To combat the trend of unnecessary, overuse of antibiotics, several health care providers have now adopted stewardship programs dedicated to controlling antibiotic prescriptions and treatment. Such programs have proven to be extremely beneficial, especially for hospitalized children, who stay infection-free for longer, according to a new study.

The study, the first to assess the benefits of such programs on the health of children, is being presented at IDWeek 2014TM, a forum for health professionals.

Health care professionals, have in the last few years, seen an unprecedented increase in antibiotic resistance cases. Several bugs are now immune to traditional first-line course of antibiotics. In such cases, physicians have to prescribe newer and costlier antibiotic regimens, increasing the overall cost of health care.

These are offshoots of over prescription of drugs. Research shows that more than half of antibiotics prescribed at hospitals are unnecessary or inappropriate, giving rise to antibiotic-resistant infections, which are difficult or impossible to treat.
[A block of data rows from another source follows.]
Lemma opposite_signsE l m : l != 0 -> m != 0 -> opposite_signs l m = ((0 < l) != (0 < m)).
Proof.
move=> l0 m0; rewrite /opposite_signs !lt0_neq0E //.
by case: (0 < l); case: (0 < m).
Qed.

Definition normalize w : 'rV[R]_3 := (Num.sqrt (dotv w w))^-1 *: w.

Lemma dotvv_gt0 w : w != 0 -> 0 < dotv w w.
Proof.
move=> w0; rewrite lt_neqAle dotvE; apply/andP; split; last by nra.
apply: contra w0 => /eqP ww0; apply/eqP/row3P; rewrite coord0; nra.
Qed.

Lemma on_sphere_normalize w : w != 0 -> on_sphere (normalize w).
Proof.
move=> w0; have ww := dotvv_gt0 w0.
rewrite /on_sphere /normalize (_ : dotv _ _ = (Num.sqrt (dotv w w))^-1 ^+ 2 * dotv w w).
  by rewrite exprVn sqr_sqrtr ?ltW // mulVf ?gt_eqF.
by rewrite !dotvE !coordZ; ring.
Qed.

Lemma normalizeN w : normalize (- w) = - normalize w.
Proof.
by rewrite /normalize scalerN (_ : dotv (- w) (- w) = dotv w w) // !dotvE !coordN; ring.
Qed.

Lemma arc_normalize p q l m : 0 <= l -> 0 <= m -> l *: p + m *: q != 0 ->
  Defs.arc p q (normalize (l *: p + m *: q)).
Proof.
move=> l0 m0 w0; split; first exact: on_sphere_normalize.
rewrite /normalize; set k := (Num.sqrt _)^-1.
have k0 : 0 <= k by rewrite invr_ge0 sqrtr_ge0.
by exists (k * l), (k * m); rewrite !mulr_ge0 // scalerDr !scalerA.
Qed.

Lemma arc_normalize_or_opp p q A B : A * B < 0 -> A *: q - B *: p != 0 ->
  Defs.arc p q (normalize (A *: q - B *: p)) \/ Defs.arc p q (- normalize (A *: q - B *: p)).
Proof.
move=> AB w0; case: (ltP 0 A) => A0.
  left; have -> : A *: q - B *: p = (- B) *: p + A *: q by rewrite scaleNr addrC.
  by apply: arc_normalize; [nra | exact: ltW | rewrite scaleNr addrC].
right; rewrite -normalizeN opprB.
have -> : B *: p - A *: q = B *: p + (- A) *: q by rewrite scaleNr.
by apply: arc_normalize; [nra | lra | rewrite scaleNr -opprB oppr_eq0].
Qed.

(* The point [A q - B p] with [A = [r,s,p]], [B = [r,s,q]] lies on both great
   circles, since it also equals [E r - C s] with [C = [p,q,r]], [E = [p,q,s]]. *)
Lemma separated_arcs_meet p q r s :
  det3 r s p * det3 r s q < 0 -> det3 p q r * det3 p q s < 0 ->
  (exists x, Defs.arc p q x /\ Defs.arc r s x) \/ (exists x, Defs.arc p q x /\ Defs.arc r s (- x)).
Proof.
set A := det3 r s p; set B := det3 r s q; set C := det3 p q r; set E := det3 p q s.
move=> AB CE.
have w_eq : A *: q - B *: p = (- C) *: s - (- E) *: r.
  by apply: row3P; rewrite !(coordD, coordN, coordZ) /A /B /C /E !det3E; ring.
have A0 : A != 0 by apply: contraTneq AB => ->; rewrite mul0r ltxx.
have E0 : E != 0 by apply: contraTneq CE => ->; rewrite mulr0 ltxx.
have w0 : A *: q - B *: p != 0.
  have det_w : det3 (A *: q - B *: p) s p = E * A.
    by rewrite w_eq /A /E !det3E !(coordD, coordN, coordZ); ring.
  apply: contra_neq (mulf_neq0 E0 A0) => w0.
  by rewrite -det_w w0 det3E !coord0; ring.
have CE' : (- C) * (- E) < 0 by rewrite mulrNN; exact: CE.
have w0' : (- C) *: s - (- E) *: r != 0 by rewrite -w_eq.
have := arc_normalize_or_opp CE' w0'; rewrite -w_eq.
set x := normalize _.
case: (arc_normalize_or_opp AB w0) => pq_x [rs_x | rs_x].
- by left; exists x.
- by right; exists x.
- by right; exists (- x); rewrite opprK.
- by left; exists (- x).
Qed.

Lemma not_in_hemisphere_orient n (u : 'I_n -> 'rV[R]_3) a b (pos : bool) :
  ~ in_closed_hemisphere u -> crossv a b != 0 ->
  exists i, orient a b (u i) = pos /\ det3 a b (u i) != 0.
Proof.
move=> not_hemi ab0.
pose w := if pos then - crossv a b else crossv a b.
have [i w_i] : exists i, dotv w (u i) < 0.
  case: (boolP [exists i, dotv w (u i) < 0]) => [/existsP // | /existsPn w_ge0].
  exfalso; apply: not_hemi; exists w; split => [|i]; first by rewrite /w; case: (pos); rewrite ?oppr_eq0.
  by rewrite leNgt w_ge0.
exists i; move: w_i; rewrite /w {w} /orient; case: pos; rewrite ?dotvNl ?oppr_lt0 dotv_crossv.
  by move=> pos_i; rewrite pos_i gt_eqF.
by move=> neg_i; rewrite lt_gtF ?lt_eqF.
Qed.

End Vectors.

(** * The constraints hold for every polygon in general position *)

Section PolygonChirotope.
Variables (R : realType) (n : nat) (u : 'I_n.+1 -> 'rV[R]_3).
Hypothesis u_gp : general_position u.

Definition vertex (i : nat) : 'rV[R]_3 := u (inord i).

Definition chirotope (m : nat) : bool :=
  let: (i, j, k) := nth (0, 0, 0)%N (incr_triples n.+1) m in
  orient (vertex i) (vertex j) (vertex k).

Lemma vertex_ord (i : 'I_n.+1) : vertex i = u i.
Proof. by rewrite /vertex inord_val. Qed.

Lemma ordS_inord i : i < n.+1 -> ordS (inord i : 'I_n.+1) = inord (next_vertex n.+1 i).
Proof. by move=> hi; apply: val_inj; rewrite /= !inordK // ltn_pmod. Qed.

Lemma adjacent_edges_inord i j : i < n.+1 -> j < n.+1 ->
  adjacent_edges (inord i : 'I_n.+1) (inord j) = adjacent n.+1 i j.
Proof. by move=> hi hj; rewrite /adjacent_edges /adjacent -!val_eqE /= !inordK. Qed.

Lemma vertex_det3_neq0 i j k : i < n.+1 -> j < n.+1 -> k < n.+1 ->
  i != j -> j != k -> i != k -> det3 (vertex i) (vertex j) (vertex k) != 0%R.
Proof. by move=> hi hj hk ij jk ik; apply: u_gp; rewrite -val_eqE /= !inordK. Qed.

Lemma eval_orient_var i j k : i < j -> j < k -> k < n.+1 ->
  eval chirotope (orient_var n.+1 i j k) = orient (vertex i) (vertex j) (vertex k).
Proof.
move=> ij jk kn; rewrite /orient_var /= /chirotope nth_index //.
by rewrite !mem_extend_incr mem_incr_pairs /=; lia.
Qed.

Lemma eval_orient_form i j k : i < n.+1 -> j < n.+1 -> k < n.+1 ->
  i != j -> j != k -> i != k ->
  eval chirotope (orient_form n.+1 i j k) = orient (vertex i) (vertex j) (vertex k).
Proof.
move=> hi hj hk ij jk ik; have ijk := vertex_det3_neq0 hi hj hk ij jk ik.
rewrite /orient_form; case: (ltngtP i j) => [lt_ij|lt_ji|eq_ij]; last by rewrite eq_ij eqxx in ij.
- case: (ltngtP j k) => [lt_jk|lt_kj|eq_jk]; last by rewrite eq_jk eqxx in jk.
    exact: eval_orient_var.
  case: (ltngtP i k) => [lt_ik|lt_ki|eq_ik]; last by rewrite eq_ik eqxx in ik.
    by rewrite eval_FNot eval_orient_var // orient_swapr ?negbK.
  by rewrite eval_orient_var // orient_rotr.
- case: (ltngtP i k) => [lt_ik|lt_ki|eq_ik]; last by rewrite eq_ik eqxx in ik.
    by rewrite eval_FNot eval_orient_var // orient_swapl ?negbK.
  case: (ltngtP j k) => [lt_jk|lt_kj|eq_jk]; last by rewrite eq_jk eqxx in jk.
    by rewrite eval_orient_var // orient_rotl.
  by rewrite eval_FNot eval_orient_var // orient_rev ?negbK.
Qed.

Lemma hemisphere_form_holds p q : 1 < n -> ~ in_closed_hemisphere u ->
  p < q -> q < n.+1 -> eval chirotope (hemisphere_form n.+1 p q).
Proof.
move=> n_gt1 not_hemi pq qn.
have [r [rn rp rq]] : exists r, [/\ r < n.+1, r != p & r != q].
  by case: (eqVneq p 0) => [->|p0]; [case: (eqVneq q 1) => [->|q1]; [exists 2|exists 1]|exists 0];
    split; lia.
have pqr : det3 (vertex p) (vertex q) (vertex r) != 0%R by apply: vertex_det3_neq0; lia.
have pq0 : crossv (vertex p) (vertex q) != 0%R.
  by apply: contraNneq pqr => pq0; rewrite -dotv_crossv pq0 /dotv mul0mx mxE.
have side pos : exists2 x, x \in [seq x <- iota 0 n.+1 | x \notin [:: p; q]] &
                           eval chirotope (orient_form n.+1 p q x) = pos.
  have [i [pqi pqi0]] := not_in_hemisphere_orient pos not_hemi pq0.
  have ip : (i : nat) != p by apply: contraNneq pqi0 => <-; rewrite vertex_ord det3_dup13.
  have iq : (i : nat) != q by apply: contraNneq pqi0 => <-; rewrite vertex_ord det3_dup23.
  exists (i : nat); first by rewrite mem_filter mem_iota !inE ltn_ord; lia.
  by rewrite eval_orient_form ?vertex_ord //; lia.
rewrite /hemisphere_form eval_FAnd !eval_orF !has_map; apply/andP; split; apply/hasP.
  by have [x x_in x_pos] := side true; exists x.
by have [x x_in x_neg] := side false; exists x; rewrite //= x_neg.
Qed.

Lemma hemisphere_forms_hold : 1 < n -> ~ in_closed_hemisphere u ->
  all (eval chirotope) (hemisphere_forms n.+1).
Proof.
move=> n_gt1 not_hemi; apply/all_allpairsP => p q; rewrite mem_above => _ /andP [pq qn].
exact: hemisphere_form_holds.
Qed.

Lemma crossing_form_holds i j : i < n.+1 -> j < n.+1 -> ~~ adjacent n.+1 i j ->
  ~ has_self_intersection u -> ~ has_antipodal_intersection u ->
  eval chirotope (crossing_form n.+1 i j).
Proof.
move=> hi hj nadj no_self no_anti.
have nadj' := nadj; rewrite /adjacent in nadj'.
have := next_vertex_cases hi; have := next_vertex_cases hj => next_j next_i.
rewrite /crossing_form /separates eval_FNot eval_FAnd !eval_FXor !eval_orient_form; try lia.
apply/negP => /andP []; rewrite /orient -!mul_lt0E; try by apply: vertex_det3_neq0; lia.
move=> sep_i sep_j.
have [[x [e_i e_j]] | [x [e_i e_j]]] := separated_arcs_meet sep_j sep_i;
  [apply: no_self | apply: no_anti]; exists (inord i), (inord j);
  rewrite adjacent_edges_inord //; split => //; exists x; by rewrite /edge !ordS_inord.
Qed.

Lemma crossing_forms_hold : ~ has_self_intersection u -> ~ has_antipodal_intersection u ->
  all (eval chirotope) (crossing_forms n.+1).
Proof.
move=> no_self no_anti; rewrite all_map all_filter.
apply/all_allpairsP => i j; rewrite !mem_iota => hi hj; apply/implyP => nadj.
exact: crossing_form_holds.
Qed.

Lemma plucker_form_holds a b c d e : [&& b < c, c < d, d < e & e < n.+1] ->
  a < n.+1 -> a \notin [:: b; c; d; e] -> eval chirotope (plucker_form n.+1 a b c d e).
Proof.
rewrite !inE => bcde an abcde.
rewrite /plucker_form eval_not_all_equal !eval_FNot !eval_FXor !negbK !eval_orient_form; try lia.
rewrite /orient -!mul_lt0E -?mul_gt0E; try by apply: vertex_det3_neq0; lia.
rewrite -[(_ * _ < 0)%R]oppr_gt0.
apply: sum3_eq0_signs (det3_plucker _ _ _ _ _) _ _ _;
  rewrite ?oppr_eq0 mulf_eq0 negb_or; apply/andP; split; apply: vertex_det3_neq0; lia.
Qed.

Lemma plucker_forms_hold : all (eval chirotope) (plucker_forms n.+1).
Proof.
apply/all_allpairsP => -[[[b c] d] e] a.
rewrite !mem_extend_incr mem_incr_pairs mem_filter mem_iota.
move=> /andP [/andP [/andP [bc _] /andP [cd _]] /andP [de en]] /andP [abcde an].
by apply: plucker_form_holds; rewrite ?bc ?cd ?de.
Qed.

Lemma inflection_form_sound : 1 < n -> eval chirotope (inflection_form n.+1) ->
  forall i, inflection u i.
Proof.
move=> n_gt1; rewrite eval_andF all_map => /allP infl i.
have infl_i : eval chirotope (edge_inflection_form n.+1 i).
  by apply: infl; rewrite mem_iota add0n ltn_ord.
have next_i := next_vertex_cases (ltn_ord i); have prev_i := prev_vertex_cases (ltn_ord i).
have /next_vertex_cases next_next_i : next_vertex n.+1 i < n.+1 by lia.
rewrite /edge_inflection_form eval_FXor !eval_orient_form in infl_i; try lia.
rewrite /inflection -!vertex_ord !val_ordS val_ord_pred opposite_signsE //;
  apply: vertex_det3_neq0; lia.
Qed.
In an age when community-acquired infections are on the rise, overcoming antibiotic resistance is of paramount importance.
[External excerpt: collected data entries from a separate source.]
Lemma factor_at_double q m : factor_at f q.*2 m = interleave (factor_at g q m./2) m.
Proof.
apply/eq_in_map => i; rewrite mem_iota add0n /= => lt_i_m.
rewrite -[i in LHS](odd_double_half i); case: (boolP (odd i)) => odd_i.
  rewrite add1n addnS -doubleD f_doubleS nth_factor_at // gtn_half_double.
  by move: lt_i_m; rewrite -{1}(odd_double_half i) odd_i.
by rewrite add0n -doubleD f_double.
Qed.

Lemma factor_at_doubleS q m :
  factor_at f q.*2.+1 m = behead (interleave (factor_at g q m.+1./2) m.+1).
Proof. by rewrite factor_atS factor_at_double. Qed.

Hypothesis h_inj : injective h.

Lemma interleave_inj m : {in [pred s | size s == m./2] &, injective (interleave^~ m)}.
Proof.
move=> s t /eqP size_s /eqP size_t eq_st.
apply: (@eq_from_nth _ c); rewrite ?size_s ?size_t //.
move=> j lt_j_half; have lt_jS_m : j.*2.+1 < m by rewrite -gtn_half_double.
move: (congr1 (nth c ^~ j.*2.+1) eq_st).
by rewrite /interleave !nth_mkseq //= odd_double /= uphalf_double => /h_inj.
Qed.

Lemma behead_interleave_inj m :
  {in [pred s | size s == m.+1./2] &, injective (fun s => behead (interleave s m.+1))}.
Proof.
move=> s t size_s size_t /= eq_st; apply: (@interleave_inj m.+1) => //.
by move: eq_st; rewrite /interleave /mkseq /= => ->.
Qed.

(* It makes a factor of length at least 3 read c _ c exactly when its position is even. *)
Hypothesis no_consecutive_c : forall q, h (g q) = c -> h (g q.+1) = c -> False.

Lemma card_factors_desubst m :
  2 < m -> #|factors f m| = #|factors g m./2| + #|factors g m.+1./2|.
Proof.
move=> lt2m; rewrite factors_parityU cardsU.
have /disjoint_setI0 -> :
    [disjoint factors_in (fun p => odd p == false) f m
            & factors_in (fun p => odd p == true) f m].
  apply/pred0P => t /=; apply/negbTE/andP.
  case=> /mem_factors_inP [p /eqP even_p ht] /mem_factors_inP [p' /eqP odd_p' ht'].
  move: ht'; rewrite ht -(odd_double_half p) -(odd_double_half p') even_p odd_p' add0n add1n.
  set q := p./2; set q' := p'./2 => eq_factors.
  have /(congr1 (nth c ^~ 0)) := eq_factors; have /(congr1 (nth c ^~ 2)) := eq_factors.
  rewrite !nth_factor_at ?lt2m ?(ltn_trans _ lt2m) // !addn0 !addn2 -!doubleS.
  rewrite !f_double !f_doubleS => /esym hq'S /esym hq'.
  exact: no_consecutive_c hq' hq'S.
rewrite cards0 subn0; congr (_ + _).
  apply: (card_factors_parity (E := interleave^~ m)) => [s | | q]; first exact: size_mkseq.
    exact: interleave_inj.
  exact: factor_at_double.
apply: (card_factors_parity (E := fun s => behead (interleave s m.+1))) => [s | | q].
- by rewrite size_behead size_mkseq.
- exact: behead_interleave_inj.
- exact: factor_at_doubleS.
Qed.

End Desubstitution.

(* The equality of letter is inherited from 'I_4 through inord and does not compute. *)
Definition letter_eqb (c d : letter) : bool :=
  match c, d with La, La | Lx, Lx | Ly, Ly | Lz, Lz => true | _, _ => false end.

Lemma letter_eqE c d : (c == d) = letter_eqb c d.
Proof. by case: c; case: d; rewrite ?eqxx //; apply/eqP. Qed.

Definition rotate_xyz (c : letter) : letter :=
  match c with La => La | Lx => Ly | Ly => Lz | Lz => Lx end.

Lemma rotate_xyz_inj : injective rotate_xyz.
Proof. by case; case. Qed.

Lemma iter_rotate_xyz_neqa n c : c != La -> iter n rotate_xyz c != La.
Proof.
by move=> c_neqa; elim: n => //= n; case: (iter n rotate_xyz c); rewrite !letter_eqE.
Qed.

Lemma tau_cat s t : tau (s ++ t) = tau s ++ tau t.
Proof. by rewrite /tau map_cat flatten_cat. Qed.

Lemma tau_rcons s c : tau (rcons s c) = tau s ++ tau_letter c.
Proof. by rewrite -cats1 tau_cat /tau /= cats0. Qed.

Lemma tau_iter_neqa n c : c != La -> tau_iter n [:: c] = [:: iter n rotate_xyz c].
Proof.
move=> c_neqa; elim: n => //= n IHn; rewrite /tau_iter /= -/(tau_iter n _) IHn.
by move: (iter_rotate_xyz_neqa n c_neqa); case: (iter n rotate_xyz c); rewrite ?letter_eqE.
Qed.

Definition tau_fix_odd (j : nat) : letter := iter (logn 2 j.+1) rotate_xyz Lx.

(* The fixed point of tau starting with a (see tau_iter_a). *)
Definition tau_fix (i : nat) : letter := if odd i then tau_fix_odd i./2 else La.

Lemma tau_fix_double j : tau_fix j.*2 = La.
Proof. by rewrite /tau_fix odd_double. Qed.

Lemma tau_fix_doubleS j : tau_fix j.*2.+1 = tau_fix_odd j.
Proof. by rewrite /tau_fix /= odd_double uphalf_double. Qed.

Lemma tau_fix_odd_double j : tau_fix_odd j.*2 = Lx.
Proof. by rewrite /tau_fix_odd logn_coprime // coprime2n /= odd_double. Qed.

Lemma tau_fix_odd_doubleS j : tau_fix_odd j.*2.+1 = rotate_xyz (tau_fix_odd j).
Proof. by rewrite /tau_fix_odd -doubleS -mul2n lognM // (logn_prime 2 (isT : prime 2)). Qed.

Lemma tau_fix_odd_neqa j : tau_fix_odd j != La.
Proof. by apply: iter_rotate_xyz_neqa; rewrite letter_eqE. Qed.

Lemma tau_fix_odd_cases j :
  [\/ tau_fix_odd j = Lx, tau_fix_odd j = Ly | tau_fix_odd j = Lz].
Proof.
move: (tau_fix_odd_neqa j); case: (tau_fix_odd j); rewrite ?eqxx // => _;
  by [constructor 1 | constructor 2 | constructor 3].
Qed.

Lemma tau_tau_fix m : tau (mkseq tau_fix m.*2.+1) = mkseq tau_fix (m.*2.+1).*2.+1.
Proof.
elim: m => // m IHm.
rewrite doubleS; have -> : (m.*2.+3).*2.+1 = ((m.*2.+1).*2.+1).+4 by rewrite !doubleS.
rewrite 4![in RHS]mkseqS -IHm 2![in LHS]mkseqS !tau_rcons -!cats1 -!doubleS.
rewrite !tau_fix_double !tau_fix_doubleS !tau_fix_odd_double !tau_fix_odd_doubleS.
by case: (tau_fix_odd_cases m) => ->; rewrite -!catA.
Qed.

Lemma expn2S_sub1 k : 2 ^ k.+1 - 1 = (2 ^ k - 1).*2.+1.
Proof. by rewrite expnS -mul2n; have := expn_gt0 2 k; lia. Qed.

Lemma leq_expn2S_sub1 k : k <= 2 ^ k.+1 - 1.
Proof. by have := ltn_expl k (ltnSn 1); rewrite expnS; move: (2 ^ k) => X; lia. Qed.

Lemma tau_iter_a n : tau_iter n [:: La] = mkseq tau_fix (2 ^ n.+1 - 1).
Proof.
elim: n => // n IHn.
by rewrite /tau_iter iterS -/(tau_iter n _) IHn (expn2S_sub1 n.+1) expn2S_sub1 tau_tau_fix.
Qed.

Lemma in_Sub_tauE w :
  1 < size w -> in_Sub_tau w <-> exists p, w = factor_at tau_fix p (size w).
Proof.
move=> w_gt1; split=> [[s [n]] | [p def_w]].
  case: (eqVneq s La) => [-> | s_neqa].
    by rewrite tau_iter_a => /infix_mkseqP [p _ def_w]; exists p.
  by rewrite tau_iter_neqa // => /size_infix /(leq_trans w_gt1).
exists La, (p + size w); rewrite tau_iter_a; apply/infix_mkseqP; exists p => //.
exact: leq_expn2S_sub1.
Qed.

Lemma card_factors_tau_fix m : 2 < m ->
  #|factors tau_fix m| = #|factors tau_fix_odd m./2| + #|factors tau_fix_odd m.+1./2|.
Proof.
apply: (card_factors_desubst (c := La) (h := id)) => //.
- exact: tau_fix_double.
- exact: tau_fix_doubleS.
- by move=> q /eqP; rewrite (negbTE (tau_fix_odd_neqa q)).
Qed.

Lemma card_factors_tau_fix_odd m : 2 < m ->
  #|factors tau_fix_odd m| = #|factors tau_fix_odd m./2| + #|factors tau_fix_odd m.+1./2|.
Proof.
apply: (card_factors_desubst (c := Lx) (h := rotate_xyz)).
- exact: tau_fix_odd_double.
- exact: tau_fix_odd_doubleS.
- exact: rotate_xyz_inj.
move=> q; rewrite -(odd_double_half q); case: (odd q).
  by rewrite add1n -doubleS tau_fix_odd_double.
by rewrite add0n tau_fix_odd_double.
Qed.

Lemma card_factors_tau_fix_odd1 : #|factors tau_fix_odd 1| = 3.
Proof.
have enum1 :
  [seq factor_at tau_fix_odd p 1 | p <- [:: 0; 1; 3]] = [:: [:: Lx]; [:: Ly]; [:: Lz]] by [].
rewrite (@card_factors_enum _ _ _ [:: 0; 1; 3]) // enum1.
  by rewrite /= !inE !eqseq_cons !letter_eqE.
move=> p; rewrite /factor_at /mkseq /=.
by case: (tau_fix_odd_cases (p + 0)) => ->; rewrite !inE eqxx ?orbT.
Qed.

Lemma card_factors_tau_fix_odd2 : #|factors tau_fix_odd 2| = 5.
Proof.
have enum2 : [seq factor_at tau_fix_odd p 2 | p <- [:: 6; 0; 2; 1; 3]] =
    [:: [:: Lx; Lx]; [:: Lx; Ly]; [:: Lx; Lz]; [:: Ly; Lx]; [:: Lz; Lx]] by [].
rewrite (@card_factors_enum _ _ _ [:: 6; 0; 2; 1; 3]) // enum2.
  by rewrite /= !inE !eqseq_cons !letter_eqE.
move=> p; rewrite /factor_at /mkseq /= addn0 addn1 -(odd_double_half p); case: (odd p).
  rewrite add1n -doubleS tau_fix_odd_double tau_fix_odd_doubleS.
  by case: (tau_fix_odd_cases p./2) => ->; rewrite !inE eqxx ?orbT.
rewrite add0n tau_fix_odd_double tau_fix_odd_doubleS.
by case: (tau_fix_odd_cases p./2) => ->; rewrite !inE eqxx ?orbT.
Qed.

Lemma card_factors_tau_fix_odd_expn k : #|factors tau_fix_odd (2 ^ k.+1)| = 5 * 2 ^ k.
Proof.
elim: k => [|k IHk]; first exact: card_factors_tau_fix_odd2.
have pow_gt2 : 2 < 2 ^ k.+2 by rewrite !expnS; have := expn_gt0 2 k; lia.
rewrite card_factors_tau_fix_odd // [2 ^ k.+2]expnS mul2n /= doubleK uphalf_double IHk.
by rewrite expnS; lia.
Qed.

Lemma card_factors_tau_fix_odd_expn_sub1 k :
  #|factors tau_fix_odd (2 ^ k.+2 - 1)| = 5 * 2 ^ k.+1 - 2.
Proof.
elim: k => [|k IHk].
  by rewrite card_factors_tau_fix_odd // card_factors_tau_fix_odd1 card_factors_tau_fix_odd2.
have pow_gt0 := expn_gt0 2 k.
rewrite expn2S_sub1 card_factors_tau_fix_odd; last by rewrite -expn2S_sub1 !expnS; lia.
rewrite /= uphalf_double doubleK subn1 prednK ?expn_gt0 // -subn1 IHk.
by rewrite card_factors_tau_fix_odd_expn !expnS; lia.
Qed.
Currently, more than two million people are infected with antibiotic-resistant infections every year and 23,000 die, according to the Centers for Disease Control and Prevention. Antibiotic stewardship programs, often headed by epidemiologists or infectious diseases physicians, have been designed to manage how and when antibiotics are being prescribed in hospitals and other health care facilities across the country.

"Studies have shown stewardship programs reduce antibiotic use and decrease the risk of antibiotic resistance, but this is the first to demonstrate that these programs actually reduce length of stay and readmission in children," said lead author Jason Newland, in a statement. "These findings reinforce the health benefits of antibiotic stewardship programs for some of our most vulnerable patients. It's clear that more hospitals should invest their resources in implementing such programs."

The study tracked the antibiotic stewardship program at Children's Mercy Hospital-Kansas City for five years. The program recommended that the prescribed antibiotic be discontinued or the dose or type of antibiotic be changed in 1,191 of 7,051 hospitalized children (17 percent). The child's physician had the option of accepting or rejecting the recommendation.

In most cases, the recommendation was to discontinue the antibiotic use, as the program felt it was unnecessary. Children who were treated as per the program, stayed in the hospital for shorter. Thirty-day admissions were reduced among children who did not have complex chronic care issues, such as cerebral palsy or congenital heart disease.

The length of stay averaged 68 hours, and there were no 30-day readmissions among children whose doctor followed the recommendation, while the length of stay averaged 82 hours. Patients whose doctor did not follow the recommendations saw a readmission rate of 3.5 percent in 30 days.

"Skeptics say stopping the antibiotics and sending the kids home sooner will lead to more children being readmitted, but we didn't find that," Newland said. "What we found was that kids were being taken off unnecessary antibiotics sooner — and in a safe manner."